=== ENTRIES SUPPLIED ===

Lemma t2y0_neq0 : t2 + iota y0 != 0.
Proof.
apply/negP => /eqP t2y0_0.
have t2E : t2 = iota (- y0) by rewrite rmorphN; apply/eqP; rewrite -addr_eq0 t2y0_0.
have [e t1E] : exists e, t1 = iota e.
  have : (t1 - iota x0) * (t1 + iota x0) = 0.
    rewrite -subr_sqr -[t1 ^+ 2](subrK (iota a * t2 ^+ 2)) t1t2_on -x0y0_L.
    by rewrite t2E rmorphN; ring.
  move/eqP; rewrite mulf_eq0 => /orP[/eqP t1x0 | /eqP t1x0].
    by exists x0; apply/eqP; rewrite -subr_eq0 t1x0.
  by exists (- x0); rewrite rmorphN; apply/eqP; rewrite -addr_eq0 t1x0.
pose P : {mpoly k[2]} :=
  'X_[mnm2 2 0] - a *: 'X_[mnm2 0 2] - (2 * c * e + d) *: 'X_[mnm2 0 0].
have gen34 : generates iota (vec2 t3 t4).
  apply: generates_of_t; rewrite ?t1E ?t2E; try exact: rational_inC.
    exact: (rational_inXU _ _ ord0).
  exact: (rational_inXU _ _ ord_max).
have Pz0 : kmeval iota (vec2 t3 t4) P = 0.
  rewrite !rmorphB /= !kmevalZ !kmeval_mnm2 /= !expr0 !mulr1 mul1r t3t4_L t1E.
  by rewrite rmorphD !rmorphM rmorph_nat subrr.
have := generated_relation_trivial (mnm2 2 0) gen34 Pz0.
rewrite !mcoeffB !mcoeffZ !mcoeffX !mnm2_inj /= !mulr0 !subr0.
by move/eqP; rewrite oner_eq0.
Qed.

===

*TASK DETAILS:* Return all lines from the entries that contain the string "rmorphN".

*RESULT:*
have t2E : t2 = iota (- y0) by rewrite rmorphN; apply/eqP; rewrite -addr_eq0 t2y0_0.
    by rewrite t2E rmorphN; ring.
  by exists (- x0); rewrite rmorphN; apply/eqP; rewrite -addr_eq0 t1x0.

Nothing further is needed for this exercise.